川島「バスの反応を観察するためには、近付かなければならないんですが、いざ釣るとなったらバスから離れることが大切です」
バスが釣り人の存在を認識して警戒するんですね。
川島「バスがつつくけど食わない理由の一つに、距離があると思うんです。クリアな水系のフィールドでは、つつくけど食わないなんてことが非常に多くて。そんな状況ほどバスとの距離が重要になります。なのでVERO120Fには重心移動も搭載してキャストしやすくしています」
立体的な重心移動システムを内蔵。VERO120Fのキャスタビリティーと非常に滑らかな姿勢変化の仕組みはここに。
警戒させない距離から狙えるんですね。
川島「そうですね。あとバスに見切られないためのポイントとして、ライズの時間が長くならないことが重要ですね」
ライズの時間が長すぎるとダメなんですか。あまり意識したことがありませんでした。
川島「もちろん状況にもよりますが、ルアーを潜らせすぎて、浮上時間が長くなるとバスに見切られるんですよ」
バスの観察力ってすごいですね。
川島「ほんとにね、奴らはよく学習してる 笑。なのでVERO120Fはバスを騙しやすい表層から、できるだけ離れないようなバランスにしてあります。距離とラインの太さにもよりますが、普通に投げてグリグリ巻くと、30cmも潜りません」
川島「そして最も大きなポイントが、止めた状態から速巻きできること。先に話したように、死んだフリから全速力で逃げるわけですから、横浮きからの縦泳ぎをスムーズかつトップスピードでこなす必要があるんです」
川島「横浮きで動かなかったギルが、急にトップスピードで短距離ダッシュをするというイメージですね。長い距離を速く巻くと徐々に反転して水面に飛び出してしまうので、そのへんの感覚は使いながら確認してもらうのがいいかと思います。基本は姿勢を崩さない範囲での速巻きでOKです」
横浮き姿勢から、縦姿勢になるまでの泳ぎ出しも非常にスムーズ。滑らかな動きの変化に思わずバスも口を使うのかもしれない。

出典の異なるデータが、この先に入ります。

Lemma inSS_witness_code n : 256 <= n -> inSS n (witness_code n).
Proof.
move=> n256; have t0 : 0 < depth n by have := depth_ge4 n256; lia.
have memW w : w \in witness_code n -> exists2 i, i < n & w = witness_word n i (depth n).
  by case/imfsetP=> i /=; rewrite mem_iota => /andP[_ lt_in] ->; exists i.
split; last first.
- by move=> _ /memW[i lt_in ->]; exact: size_witness_word.
- by apply/negP => /memW[i _ /eqP]; rewrite eq_sym (negbTE (stripes_not1 _ (ltn0Sn _) t0)).
- apply: card_imfset_iota => i i' _ _ ii'.
  by apply: (witness_prefix_inj n256 t0 t0); rewrite ii' prefix_refl.
split=> [w /memW[i _ ->]|_ _ /memW[i _ ->] /memW[i' _ ->]].
  by split; [exact: stripes_pal | exact: stripes_nil].
apply/negP=> /andP[ii' ne].
by move: ne; rewrite (witness_prefix_inj n256 t0 t0 ii') eqxx.
Qed.

Lemma witness_prefixes_spec n : 256 <= n ->
  [/\ uniq (witness_prefixes n), size (witness_prefixes n) = n * (depth n).-1,
      (forall p, p \in witness_prefixes n -> exists2 c, c \in witness_code n & pprefix p c) &
      (forall p, p \in witness_prefixes n -> [/\ palindrome p, p != [::] & p != [:: true]])].
Proof.
move=> n256; have t4 := depth_ge4 n256.
split; last first.
- move=> _ /allpairsP[[i s] [_ /= + ->]]; rewrite mem_iota => /andP[s0 _].
  by split; [exact: stripes_pal | exact: stripes_nil | exact: stripes_not1].
- move=> _ /allpairsP[[i s] [/= iI + ->]]; rewrite mem_iota => /andP[s0 lt_st].
  exists (witness_word n i (depth n)); first by apply/imfsetP; exists i.
  apply: prefix_pprefix; first by apply: stripes_prefix; lia.
  by rewrite !size_stripes ltn_add2l ltn_pmul2r //; lia.
- by rewrite size_allpairs !size_iota.
apply: allpairs_uniq; [exact: iota_uniq | exact: iota_uniq |].
move=> [i s] [i' s'] /allpairsP[[a b] [/= _ + [-> ->]]] /allpairsP[[a' b'] [/= _ + [-> ->]]].
rewrite !mem_iota => /andP[b0 _] /andP[b0' _] /= ab.
have aa' : a = a' by apply: (witness_prefix_inj n256 b0 b0'); rewrite ab prefix_refl.
subst a'; congr pair; move: ab => /(congr1 size) /eqP.
by rewrite !size_stripes eqn_add2l eqn_pmul2r // => /eqP.
Qed.

Lemma cube_le_square n m : 256 <= n -> n * (depth n).-1 <= m -> n ^ 3 <= 64 * m ^ 2.
Proof.
move=> /[dup] n256 /sqrt_ge16 d16 le_m; have := sqrt_bounds n.
move: le_m; rewrite /depth; move: (Nat.sqrt n) d16 => d d16 le_m /andP[_ n_lt].
have d_eq := divn_eq d 4; have r_lt : d %% 4 < 4 by rewrite ltn_pmod.
move: d_eq r_lt le_m; move: (d %/ 4) (d %% 4) => t r d_eq r_lt le_m.
have n_le : n <= 64 * (t.-1 * t.-1) by nia.
have := leq_mul le_m le_m; rewrite !expnS expn0 !muln1; nia.
Qed.

Lemma witness_code_lower_bound n m (S : nat -> {fset bitseq}) :
  256 <= n -> good_seq n (witness_code n) m S -> n ^ 3 <= 64 * m ^ 2.
Proof.
move=> n256 S_good; have [U_uniq U_size U_below U_pal] := witness_prefixes_spec n256.
apply: cube_le_square => //; rewrite -U_size.
exact: size_le_length (inSS_witness_code n256) S_good U_uniq U_below U_pal.
Qed.

(* The shortest palindromic prefix of [c] longer than [sig]; it exists when [c] is a
   palindrome longer than [sig]. *)
Definition child (sig c : bitseq) : bitseq :=
  let ks := iota (size sig).+1 (size c - size sig) in
  take (nth 0 ks (find (fun k => palindrome (take k c)) ks)) c.

Lemma child_spec sig c : pprefix sig c -> palindrome c ->
  [/\ prefix (child sig c) c, palindrome (child sig c), size sig < size (child sig c) &
      forall u, palindrome u -> prefix u c -> size sig < size u -> size (child sig c) <= size u].
Proof.
move=> /pprefix_size lt_sc pal_c; rewrite /child; set ks := iota _ _.
set a := fun k => palindrome (take k c).
have has_ks : has a ks.
  apply/hasP; exists (size c); last by rewrite /a take_size.
  rewrite mem_iota; lia.
have lt_find : find a ks < size c - size sig by move: has_ks; rewrite has_find size_iota.
have nth_ks : nth 0 ks (find a ks) = (size sig).+1 + find a ks by rewrite nth_iota.
have size_take_ks : size (take (nth 0 ks (find a ks)) c) = nth 0 ks (find a ks).
  by rewrite size_takel // nth_ks; lia.
split; [exact: prefix_take | exact: (nth_find 0 has_ks) | by rewrite size_take_ks nth_ks; lia |].
move=> u pal_u uc lt_su; rewrite size_take_ks leqNgt; apply/negP => lt_u.
have lt_before : size u - (size sig).+1 < find a ks by rewrite nth_ks in lt_u; lia.
have := before_find 0 lt_before; rewrite /a nth_iota; last by lia.
rewrite subnKC //; move: uc; rewrite prefixE => /eqP ->.
by rewrite pal_u.
Qed.

Lemma child_in_N n sig c : pprefix sig c -> palindrome c -> palindrome sig -> size c <= n ->
  inNn n sig (child sig c).
Proof.
move=> sig_c pal_c pal_sig szc; have [ch_c pal_ch lt_ch shortest] := child_spec sig_c pal_c.
have sig_ch : prefix sig (child sig c).
  exact: prefix_shorter (proj1 (andP sig_c)) ch_c (ltnW lt_ch).
split; last exact: leq_trans (size_prefix ch_c) szc.
split=> //; first exact: prefix_pprefix.
move=> u pal_u u_ch; rewrite leqNgt; apply/negP => lt_su.
have := shortest u pal_u (prefix_trans (proj1 (andP u_ch)) ch_c) lt_su.
by rewrite leqNgt pprefix_size.
Qed.

Section Refine.

Local Open Scope fset_scope.

Definition children (C : {fset bitseq}) (sig : bitseq) : {fset bitseq} :=
  [fset child sig c | c in [seq c <- enum_fset C | pprefix sig c]].

Definition candidates (C S : {fset bitseq}) (sig : bitseq) : {fset bitseq} :=
  S `\ sig `|` children C sig.

Definition essential (C S : {fset bitseq}) (sig : bitseq) : {fset bitseq} :=
  [fset w in S `\ sig | extends_to C w] `|` children C sig.

Definition spare (C S : {fset bitseq}) (sig : bitseq) : {fset bitseq} :=
  S `\ sig `\` essential C S sig.

(* Padding with spare elements of [S] brings the size back to [n]. *)
Definition refine (n : nat) (C S : {fset bitseq}) (sig : bitseq) : {fset bitseq} :=
  essential C S sig `|`
  [fset w in take (n - #|` essential C S sig|) (enum_fset (spare C S sig))].

Lemma mem_children C sig w :
  w \in children C sig -> exists2 c, c \in C & pprefix sig c /\ w = child sig c.
Proof. by case/imfsetP=> c /=; rewrite mem_filter => /andP[sig_c cC] ->; exists c. Qed.

Lemma child_children C sig c : c \in C -> pprefix sig c -> child sig c \in children C sig.
Proof. by move=> cC sig_c; apply/imfsetP; exists c; rewrite //= mem_filter sig_c. Qed.

Lemma essential_sub C S sig : essential C S sig `<=` candidates C S sig.
Proof.
apply/fsubsetP => w; rewrite !in_fsetU in_fset /= => /orP[/andP[wS _]|->]; last exact: orbT.
by rewrite wS.
Qed.

Lemma refine_sub n C S sig : refine n C S sig `<=` candidates C S sig.
Proof.
apply/fsubsetP => w; rewrite in_fsetU => /orP[|]; first exact/fsubsetP/essential_sub.
by rewrite in_fset => /mem_take; rewrite in_fsetD => /andP[_ wS]; rewrite in_fsetU wS.
Qed.

Variables (n : nat) (C S : {fset bitseq}) (sig c0 : bitseq).
Hypotheses (C_SS : inSS n C) (S_SS : inSS n S) (S_covers : forall c, c \in C -> covered S c).
Hypotheses (sigS : sig \in S) (c0C : c0 \in C) (sig_c0 : pprefix sig c0).

Let acS : antichain S. Proof. by case: S_SS => -[]. Qed.

Let child_spec_in w : w \in children C sig -> exists2 c, c \in C &
  [/\ prefix w c, palindrome w, pprefix sig w &
      forall u, palindrome u -> prefix u c -> size sig < size u -> size w <= size u].
Proof.
move=> /mem_children[c cC [sig_c ->]]; exists c => //.
have [[pal_c _] _ _ _] := C_SS.
have [ch_c pal_ch lt_ch shortest] := child_spec sig_c (proj1 (pal_c c cC)).
split=> //; apply: (prefix_pprefix _ lt_ch).
exact: prefix_shorter (proj1 (andP sig_c)) ch_c (ltnW lt_ch).
Qed.

Lemma candidates_antichain : antichain (candidates C S sig).
Proof.
move=> u v; rewrite !in_fsetU !in_fsetD1.
case/orP=> [/andP[u_sig uS]|uCh]; case/orP=> [/andP[v_sig vS]|vCh]; first exact: acS.
all: apply/negP => /[dup] /pprefix_size lt_uv /andP[uv _].
- have [c _ [_ _ /andP[sig_v _] _]] := child_spec_in vCh.
  case: (leqP (size u) (size sig)) => [le|/ltnW le].
    by move: u_sig; rewrite (antichain_prefix_eq acS uS sigS (prefix_shorter uv sig_v le)) eqxx.
  by move: u_sig; rewrite (antichain_prefix_eq acS sigS uS (prefix_shorter sig_v uv le)) eqxx.
- have [c _ [_ _ /andP[sig_u _] _]] := child_spec_in uCh.
  by move: v_sig; rewrite -(antichain_prefix_eq acS sigS vS (prefix_trans sig_u uv)) eqxx.
- have [c' _ [vc' _ _ shortest]] := child_spec_in vCh.
  have [_ _ [_ pal_u sig_u _]] := child_spec_in uCh.
  have := shortest u pal_u (prefix_trans uv vc') (pprefix_size sig_u).
  by rewrite leqNgt lt_uv.
Qed.

Lemma card_essential : #|` essential C S sig| <= n.
Proof.
have [_ <- _ _] := C_SS.
apply: antichain_card (antichain_sub (essential_sub C S sig) candidates_antichain) _.
move=> w; rewrite in_fsetU in_fset /= => /orP[/andP[_ //]|/child_spec_in[c cC [wc _ _ _]]].
by apply/extends_toP; exists c.
Qed.

(* [child sig c0] is essential but not in [S], so at most |essential| - 1 essential words
   are taken from [S] minus [sig]. *)
Lemma card_spare : n - #|` essential C S sig| <= #|` spare C S sig|.
Proof.
have [_ cardS _ _] := S_SS; set ess := essential C S sig; set ch0 := child sig c0.
have ch0E : ch0 \in ess by rewrite in_fsetU child_children ?orbT.
have ch0S : ch0 \notin S.
  have [_ _ [_ _ sig_ch0 _]] := child_spec_in (child_children c0C sig_c0).
  by apply/negP => /(acS sigS)/negP.
have card_rest : #|` S `\ sig| = n.-1.
  by have := cardfsD1 sig S; rewrite sigS cardS add1n => ->.
have card_common : #|` (S `\ sig) `&` ess| <= #|` ess| - 1.
  rewrite [X in _ <= X - 1](cardfsD1 ch0 ess) ch0E add1n subn1 /=.
  apply: fsubset_leq_card; apply/fsubsetP => x.
  rewrite in_fsetI in_fsetD1 => /andP[/andP[_ xS] xE].
  by rewrite in_fsetD1 xE andbT; apply: contraNneq ch0S => <-.
have ess0 : 0 < #|` ess| by rewrite cardfs_gt0; apply/fset0Pn; exists ch0.
have := card_essential; rewrite /spare cardfsD card_rest -/ess; lia.
Qed.

Lemma card_refine : #|` refine n C S sig| = n.
Proof.
rewrite /refine cardfsU card_fseq undup_id; last exact/take_uniq/fset_uniq.
rewrite size_takel ?card_spare //.
have -> : essential C S sig `&`
    [fset w in take (n - #|` essential C S sig|) (enum_fset (spare C S sig))] = fset0.
  apply/fsetP => x; rewrite in_fsetI in_fset0; apply/negP => /andP[xE].
  rewrite in_fset => /mem_take.
  by rewrite in_fsetD xE.
by rewrite cardfs0 subn0 subnKC // card_essential.
Qed.

Lemma candidate_word w : w \in candidates C S sig ->
  [/\ palindrome w, w != [::], w != [:: true] & size w <= n].
Proof.
have [[palS _] _ S1 szS] := S_SS.
rewrite in_fsetU in_fsetD1 => /orP[/andP[_ wS]|/child_spec_in[c cC [wc pal_w lt_sw _]]].
  have [pal_w w0] := palS w wS; split=> //; last exact: szS.
  by apply: contraNneq S1 => <-.
have [_ _ _ szC] := C_SS; have [_] := palS sig sigS; rewrite -size_eq0 -lt0n => sig0.
have /pprefix_size lt_sz := lt_sw.
split=> //; last exact: leq_trans (size_prefix wc) (szC c cC).
  by rewrite -size_eq0 -lt0n (leq_ltn_trans _ lt_sz).
by apply: contraTneq lt_sz => ->; rewrite -leqNgt.
Qed.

横浮きのルアーはいくつか思い浮かびますが、“0”から“100”のスピード変化が可能なものはこれまでなかったように思います。
川島「VERO120Fを初めて見るバスには衝撃的だと思いますよ」
『こんなスピードで泳ぐって、本物のギルだ!』とバスは感じるかもしれませんね。
飾りではないフェザーフック
川島「すべてのバスが完璧に騙されて、ボディを狙って本気食いしてくれたらいいんですが、そうはいかないこともありますよね。現代の魚って本当に賢いじゃないですか」
確かに。亀山のでかバスなんて、僕より賢いんじゃないかと思います。
川島「そんな賢くてルアーに対して半信半疑の魚って、ボディを食ってくれないんですよ」
「フェザーがないと、フックがないところを食ってしまうこともありますから、実は重要なパーツなんです」
川島「これまで観察してきた限り、疑り深いバスは、まずフェザーを食ってきます。なので、針のある部分を食わせるためにフェザーフックを採用しているんです。半信半疑の魚も、コイツで釣ってやろうと」
なるほど、意図した部分にバイトさせるためのフェザーフックなんですね。てっきりヒレかと思ってました。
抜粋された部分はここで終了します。